Look at the base of the fence, whether the mesh is stretched evenly or torn at one point, and the way the top line dips toward the interior. Those construction details matter more than the dark figure at first glance.

Then compare the track positions to the fence bend. The impressions are not scattered randomly through the plot. They sit near the damaged panel, as though whatever made them moved along the inside edge after the wire changed shape.

Finally, look at the trail camera frame without trying to force a face into it. The useful question is not “does it look exactly like Bigfoot?” The better question is whether it looks like a deer, bear, person, shadow, or something the camera only partly caught.

Why This Small Field Case Works

The Alder Run incident works because it is not built on one spectacular image.

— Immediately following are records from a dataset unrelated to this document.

Lemma extend_old x y : edges_at e W x y -> extend f x y = phi x y.
Proof.
move=> old; have /norP [nxy nyx] : ~~ is_new x y.
  by apply: contraL old; apply: is_new_not_old.
by rewrite /extend (negbTE nxy) (negbTE nyx).
Qed.

(* The extended colouring is good: old edges keep phi, new colours are
   distinct, and new colours at x are fresh while old ones are used at x. *)
Lemma extend_good : good_edge_colouring (edges_at e (u |: W)) C Cw (extend f).
Proof.
have [phi_sym [phi_C [phi_proper phi_avoid]]] := phi_good.
have cases x y : edges_at e (u |: W) x y -> is_new x y || edges_at e W x y.
  by move/edges_at_setU1; rewrite /is_new orbA.
split; [|split; [|split]].
- move=> x y /cases /orP [nxy|oxy]; first by case: (is_new_colour nxy).
  have oyx := oxy; rewrite edges_at_sym in oyx; last exact: (proj1 e_simple).
  by rewrite !extend_old // phi_sym.
- move=> x y /cases /orP [nxy|oxy]; first by case: (is_new_colour nxy).
  by rewrite extend_old // phi_C.
- move=> x y z /cases /orP [nxy|oxy] /cases /orP [nxz|oxz] yz.
  + exact: new_colours_distinct.
  + have [_ _ _ _ fresh] := is_new_colour nxy; rewrite (extend_old oxz).
    by apply: contraNneq fresh => ->; apply: used_colour (is_new_notin nxy) oxz.
  + have [_ _ _ _ fresh] := is_new_colour nxz; rewrite (extend_old oxy).
    by apply: contraNneq fresh => <-; apply: used_colour (is_new_notin nxz) oxy.
  + by rewrite !extend_old //; apply: phi_proper.
- move=> x y /cases /orP [nxy|oxy]; first by case: (is_new_colour nxy) => _ _ -> ->.
  by rewrite extend_old // phi_avoid.
Qed.

End ExtendByMatching.
(* Let $G$ be an undirected graph with non-negative edge weights, cellularly embedded on a compact connected orientable surface $\Sigma$ with at least one boundary component, and let $\overline{G}$ be its $\mathbb{Z}_2$-homology cover. Let $\gamma$ be a $\mathbb{Z}_2$-minimal cycle in $G$, and let $\sigma$ be any shortest path in $G$ that intersects $\gamma$. Then there is a $\mathbb{Z}_2$-minimal cycle $\gamma'$ homologous to $\gamma$ which is the projection of a shortest path $(\gamma',h)$ in $\overline{G}$ that starts with a subpath of $(\sigma,0)$ but does not otherwise intersect $(\sigma,0)$.
   Context: Cellular embedding: every face is an open disk. $\beta=2g+b-1$. Fix a tree-coforest decomposition $(T,L,F)$ ($T$ a spanning tree of $G$; $F^*$ a spanning forest of the dual graph $G^*$, whose vertices are faces and boundary cycles, with each component containing exactly one dual boundary vertex; $L=\{e_1,\dots,e_\beta\}$ the rest); adding $e_i^*$ to $F^*$ creates a dual path $\alpha_i$, and the signature $[e]\in\mathbb{Z}_2^\beta$ of edge $e$ has $i$th bit $1$ iff $\alpha_i$ traverses $e^*$ an odd number of times; the signature of a walk is the XOR of the signatures of its edges with multiplicity. The cover $\overline{G}$ has vertices $V\times\mathbb{Z}_2^\beta$ and, for each edge $uv$ and $h$, an edge $(u,h)\to(v,h\oplus[uv])$ with the weight of $uv$; projection $\pi(v,h)=v$. For a path $p$ in $G$ from $u$ to $v$ and $h\in\mathbb{Z}_2^\beta$, $(p,h)$ denotes its unique lift starting at $(u,h)$ (ending at $(v,h\oplus[p])$). A cycle is a closed walk; its length counts edge weights with multiplicity. Two cycles are $\mathbb{Z}_2$-homologous if the edge sets each traverses an odd number of times differ by a boundary subgraph (the set of edges with exactly one side in some fixed subset of faces); a cycle is $\mathbb{Z}_2$-minimal if it is a shortest cycle in its homology class. *)

From HB Require Import structures.
From mathcomp Require Import all_boot all_order all_algebra.
From mathcomp Require Import reals.
Set Implicit Arguments. Unset Strict Implicit. Unset Printing Implicit Defensive.
Import Order.TTheory GRing.Theory Num.Theory.
(* Let $a_1,a_2>0$, $e_1,e_2\in[0,1)$, and let $K,L,M,N$ be the real numbers defined in the context. For $u_2\in\mathbb{R}$ define \[ \begin{split} \lambda &= a_1e_1^2,\\ \mu &= a_2\sqrt{1-e_1^2}\Bigl(\sqrt{1-e_2^2}\,N\sin u_2 + L\cos u_2 - e_2 L\Bigr),\\ \nu &= a_2e_2K - a_1e_1 - a_2\sqrt{1-e_2^2}\,M\sin u_2 - a_2K\cos u_2,\\ \alpha &= a_1\Bigl(\sqrt{1-e_2^2}\,M\cos u_2 - K\sin u_2\Bigr),\\ \beta &= a_1\sqrt{1-e_1^2}\Bigl(\sqrt{1-e_2^2}\,N\cos u_2 - L\sin u_2\Bigr),\\ \gamma &= a_2e_2^2\sin u_2\cos u_2 - a_1e_1\sqrt{1-e_2^2}\,M\cos u_2 + (a_1e_1K - a_2e_2)\sin u_2, \end{split} \] and let \[ \mathscr{S}(u_2) = \begin{pmatrix} \alpha^2+\beta^2 & 0 & -\alpha\lambda & 0\\ 2\alpha\gamma & \alpha^2+\beta^2 & \beta\mu - \lambda\gamma-\alpha\nu & -\alpha\lambda\\ \gamma^2-\beta^2 & 2\alpha\gamma & -\gamma\nu & \beta\mu-\lambda\gamma-\alpha\nu\\ 0 &\gamma^2-\beta^2 & 0 &-\gamma\nu \end{pmatrix} \] (the Sylvester matrix, with respect to $\cos u_1$, of the two polynomials $(\alpha^2+\beta^2)\cos^2 u_1 + 2\alpha\gamma\cos u_1 + \gamma^2-\beta^2$ and $- \alpha\lambda\cos^2 u_1 + (\beta\mu - \lambda\gamma-\alpha\nu)\cos u_1 -\gamma\nu$). Then $\det\mathscr{S}(u_2)$ contains the factor $\beta^2$: there is a polynomial $P$ in $\alpha,\beta,\gamma,\lambda,\mu,\nu$ (hence a trigonometric polynomial $g(u_2)$ in $\cos u_2,\sin u_2$) such that $\det\mathscr{S}(u_2)=\beta(u_2)^2\, g(u_2)$ for all $u_2$.
   Context: Two confocal elliptic orbits $\mathcal{E}_1,\mathcal{E}_2$ are given by Keplerian elements $a_i$ (semimajor axis), $e_i$ (eccentricity), $i_i$ (inclination), $\Omega_i$ (longitude of node), $\omega_i$ (argument of pericenter), $i=1,2$. Define the unit vectors $\mathcal{P}=(\cos\omega_1\cos\Omega_1-\cos i_1\sin\omega_1\sin\Omega_1,\ \cos\omega_1\sin\Omega_1+\cos i_1\sin\omega_1\cos\Omega_1,\ \sin\omega_1\sin i_1)$, $\mathcal{Q}=(-\sin\omega_1\cos\Omega_1-\cos i_1\cos\omega_1\sin\Omega_1,\ -\sin\omega_1\sin\Omega_1+\cos i_1\cos\omega_1\cos\Omega_1,\ \cos\omega_1\sin i_1)$, and $\mathfrak{p},\mathfrak{q}$ by the same formulas with $(i_2,\Omega_2,\omega_2)$ in place of $(i_1,\Omega_1,\omega_1)$. Set $K=\langle\mathcal{P},\mathfrak{p}\rangle$, $L=\langle\mathcal{Q},\mathfrak{p}\rangle$, $M=\langle\mathcal{P},\mathfrak{q}\rangle$, $N=\langle\mathcal{Q},\mathfrak{q}\rangle$. Here $u_1,u_2$ are the eccentric anomalies on the two orbits. *)

From HB Require Import structures.
From mathcomp Require Import all_boot all_algebra.
From mathcomp Require Import Rstruct.
From mathcomp Require Import mpoly.
From Stdlib Require Import Reals.

Set Implicit Arguments.
Unset Strict Implicit.
Unset Printing Implicit Defensive.
Import GRing.Theory.
Local Open Scope ring_scope.

(* Unit vectors P, Q of an orbit with angles (i, Om, om) *)
Definition vecP (i Om om : R) : R * R * R :=
  (cos om * cos Om - cos i * sin om * sin Om,
   cos om * sin Om + cos i * sin om * cos Om,
   sin om * sin i).
Definition vecQ (i Om om : R) : R * R * R :=
  (- sin om * cos Om - cos i * cos om * sin Om,
   - sin om * sin Om + cos i * cos om * cos Om,
   cos om * sin i).
Definition dot3 (x y : R * R * R) : R :=
  x.1.1 * y.1.1 + x.1.2 * y.1.2 + x.2 * y.2.

Definition Kc i1 O1 w1 i2 O2 w2 := dot3 (vecP i1 O1 w1) (vecP i2 O2 w2).
Definition Lc i1 O1 w1 i2 O2 w2 := dot3 (vecQ i1 O1 w1) (vecP i2 O2 w2).
Definition Mc i1 O1 w1 i2 O2 w2 := dot3 (vecP i1 O1 w1) (vecQ i2 O2 w2).
Definition Nc i1 O1 w1 i2 O2 w2 := dot3 (vecQ i1 O1 w1) (vecQ i2 O2 w2).

Section Coeffs.
Variables (a1 e1 a2 e2 K L M N : R).
Definition lam (u2 : R) : R := a1 * e1 ^+ 2.
Definition muf (u2 : R) : R :=
  a2 * sqrt (1 - e1 ^+ 2) *
  (sqrt (1 - e2 ^+ 2) * N * sin u2 + L * cos u2 - e2 * L).
Definition nuf (u2 : R) : R :=
  a2 * e2 * K - a1 * e1 - a2 * sqrt (1 - e2 ^+ 2) * M * sin u2 - a2 * K * cos u2.
Definition alf (u2 : R) : R :=
  a1 * (sqrt (1 - e2 ^+ 2) * M * cos u2 - K * sin u2).
Definition bef (u2 : R) : R :=
  a1 * sqrt (1 - e1 ^+ 2) * (sqrt (1 - e2 ^+ 2) * N * cos u2 - L * sin u2).
Definition gaf (u2 : R) : R :=
  a2 * e2 ^+ 2 * sin u2 * cos u2 - a1 * e1 * sqrt (1 - e2 ^+ 2) * M * cos u2
  + (a1 * e1 * K - a2 * e2) * sin u2.
End Coeffs.

Definition sylv (al be ga la mu nu : R) : 'M[R]_4 :=
  \matrix_(i < 4, j < 4)
   match nat_of_ord i, nat_of_ord j with
   | 0, 0 => al ^+ 2 + be ^+ 2 | 0, 1 => 0 | 0, 2 => - (al * la) | 0, _ => 0
   | 1, 0 => 2 * al * ga | 1, 1 => al ^+ 2 + be ^+ 2
   | 1, 2 => be * mu - la * ga - al * nu | 1, _ => - (al * la)
   | 2, 0 => ga ^+ 2 - be ^+ 2 | 2, 1 => 2 * al * ga | 2, 2 => - (ga * nu)
   | 2, _ => be * mu - la * ga - al * nu
   | _, 0 => 0 | _, 1 => ga ^+ 2 - be ^+ 2 | _, 2 => 0 | _, _ => - (ga * nu)
   end.

Definition sylvS (a1 e1 a2 e2 K L M N u2 : R) : 'M[R]_4 :=
  sylv (alf a1 e2 K M u2) (bef a1 e1 e2 L N u2) (gaf a1 e1 a2 e2 K M u2)
       (lam a1 e1 u2) (muf e1 a2 e2 L N u2) (nuf a1 e1 a2 e2 K M u2).

Definition vars6 (al be ga la mu nu : R) (k : 'I_6) : R :=
  match nat_of_ord k with
  | 0 => al | 1 => be | 2 => ga | 3 => la | 4 => mu | _ => nu end.

From mathcomp Require Import all_boot all_algebra.
From mathcomp Require Import Rstruct.
From mathcomp Require Import mpoly.
From Stdlib Require Import Reals.
From mathcomp Require Import ring.

(* Write [x = cos u1] and [p = al x + ga].  The two quadratics are
   [p^2 - be^2 (1 - x^2)] and [- (la x + nu) p + be mu x]: both roots of the
   first lie within [O(be)] of the root of [p], where the second is [O(be)].
   The resultant, the product of the values of the second quadratic at the
   roots of the first, is therefore [O(be^2)]; in its polynomial (Bezout)
   form the coefficients of [be^0] and [be^1] cancel identically. *)

Set Implicit Arguments.
Unset Strict Implicit.
Unset Printing Implicit Defensive.
Import GRing.Theory.
Local Open Scope ring_scope.

Section SylvesterQuadratic.
Variable T : comNzRingType.

Definition sylvester2 (a b c d e f : T) : 'M[T]_4 :=
  \matrix_(i < 4, j < 4)
   match nat_of_ord i, nat_of_ord j with
   | 0, 0 | 1, 1 => a | 1, 0 | 2, 1 => b | 2, 0 | 3, 1 => c
   | 0, 2 | 1, 3 => d | 1, 2 | 2, 3 => e | 2, 2 | 3, 3 => f
   | _, _ => 0
   end.

Definition resultant2 (a b c d e f : T) : T :=
  (a * f - c * d) ^+ 2 - (a * e - b * d) * (b * f - c * e).

Lemma det_sylvester2 a b c d e f :
  \det (sylvester2 a b c d e f) = resultant2 a b c d e f.
Proof.
do 3! rewrite !(expand_det_row _ ord0) !big_ord_recl !big_ord0 /cofactor.
by rewrite !det_mx11 !mxE /= /resultant2; ring.
Qed.

Definition sylv_cofactor (al be ga la mu nu : T) : T :=
  let w := ga * la - al * nu in
  let s := al * la + ga * nu in
  let e := be * mu - la * ga - al * nu in
  al ^+ 2 * ga ^+ 2 * mu ^+ 2 - 2 * al * ga * w * s
  - e * (al ^+ 2 * (w + be * mu) + ga ^+ 2 * (w - be * mu))
  + be ^+ 2 * (s ^+ 2 - e ^+ 2).

Lemma resultant2_sylv al be ga la mu nu :
  resultant2 (al ^+ 2 + be ^+ 2) (2 * al * ga) (ga ^+ 2 - be ^+ 2)
    (- (al * la)) (be * mu - la * ga - al * nu) (- (ga * nu)) =
  be ^+ 2 * sylv_cofactor al be ga la mu nu.
Proof. by rewrite /resultant2 /sylv_cofactor; ring. Qed.

End SylvesterQuadratic.

Lemma rmorph_sylv_cofactor (T U : comNzRingType) (phi : {rmorphism T -> U})
    al be ga la mu nu :
  phi (sylv_cofactor al be ga la mu nu) =
  sylv_cofactor (phi al) (phi be) (phi ga) (phi la) (phi mu) (phi nu).
Proof.
rewrite /sylv_cofactor /=.
by rewrite !(rmorphXn, rmorph_nat, rmorphD, rmorphB, rmorphN, rmorphM).
Qed.

Lemma sylvE al be ga la mu nu :
  sylv al be ga la mu nu =
  sylvester2 (al ^+ 2 + be ^+ 2) (2 * al * ga) (ga ^+ 2 - be ^+ 2)
    (- (al * la)) (be * mu - la * ga - al * nu) (- (ga * nu)).
Proof.
apply/matrixP => i j; rewrite !mxE.
by case: i j => [[|[|[|[|i]]]] +] [[|[|[|[|j]]]] +].
Qed.

Definition sylv_cofactor_mpoly : {mpoly R[6]} :=
  sylv_cofactor 'X_(inord 0) 'X_(inord 1) 'X_(inord 2)
                'X_(inord 3) 'X_(inord 4) 'X_(inord 5).

Lemma meval_sylv_cofactor_mpoly al be ga la mu nu :
  sylv_cofactor_mpoly.@[vars6 al be ga la mu nu] =
  sylv_cofactor al be ga la mu nu.
Proof. by rewrite rmorph_sylv_cofactor /= !mevalXU /vars6 !inordK. Qed.

Lemma det_sylv al be ga la mu nu :
  \det (sylv al be ga la mu nu) =
  be ^+ 2 * sylv_cofactor_mpoly.@[vars6 al be ga la mu nu].
Proof.
by rewrite sylvE det_sylvester2 resultant2_sylv meval_sylv_cofactor_mpoly.
Qed.

Theorem mainTheorem1 (a1 a2 e1 e2 i1 i2 Om1 Om2 om1 om2 : R) :
  0 < a1 -> 0 < a2 -> 0 <= e1 < 1 -> 0 <= e2 < 1 ->
  let K := Kc i1 Om1 om1 i2 Om2 om2 in
  let L := Lc i1 Om1 om1 i2 Om2 om2 in
  let M := Mc i1 Om1 om1 i2 Om2 om2 in
  let N := Nc i1 Om1 om1 i2 Om2 om2 in
  exists P : {mpoly R[6]}, forall u2 : R,
    \det (sylvS a1 e1 a2 e2 K L M N u2) =
    (bef a1 e1 e2 L N u2) ^+ 2 *
    P.@[vars6 (alf a1 e2 K M u2) (bef a1 e1 e2 L N u2) (gaf a1 e1 a2 e2 K M u2)
              (lam a1 e1 u2) (muf e1 a2 e2 L N u2) (nuf a1 e1 a2 e2 K M u2)].
Proof.
move=> _ _ _ _ K L M N; exists sylv_cofactor_mpoly => u2.
exact: det_sylv.
Qed.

The trail camera frame alone would be easy to ignore. The fence damage alone could be blamed on a bear, deer, or falling limb. The impressions alone would be another disputed track report.

Together, they create a tighter puzzle: a bent fence, a dark body near the brush, and a track line that appears where the simple explanation does not want it to be.

That does not turn the case into proof. It turns it into a useful field problem. Every ordinary answer has to account for the timing, the force direction, the missing approach sign, and the wrong-side tracks.

That is why a quiet deer study plot became more interesting than a sharper but isolated photo.

A remote alder cutover with an inward-bent deer fence and a barely visible dark shape behind brush.
The remote alder cutover gives the case its uneasy setting: wet ground, low brush, and very few witnesses.

The Question That Still Bothered the Landowner

By the next afternoon, rain had softened the track edges and the fence had been pulled back enough to protect the saplings. The landowner added another camera, checked the gate chain, and walked the outer perimeter again.

He found normal wildlife sign. He found one smeared patch near the ditch that could have been almost anything. He did not find the clean outside track that would make the whole story simple.

That is why the Alder Run fence bend still gets discussed by people who follow Sasquatch evidence. It is not the clearest footprint case. It is not the best trail camera image. It is a contradiction preserved for one wet morning before the weather started erasing it.

So what do you think happened at Alder Run: a bear and bad mud, a careful hoax, or something large enough to bend the fence and leave its tracks on the wrong side?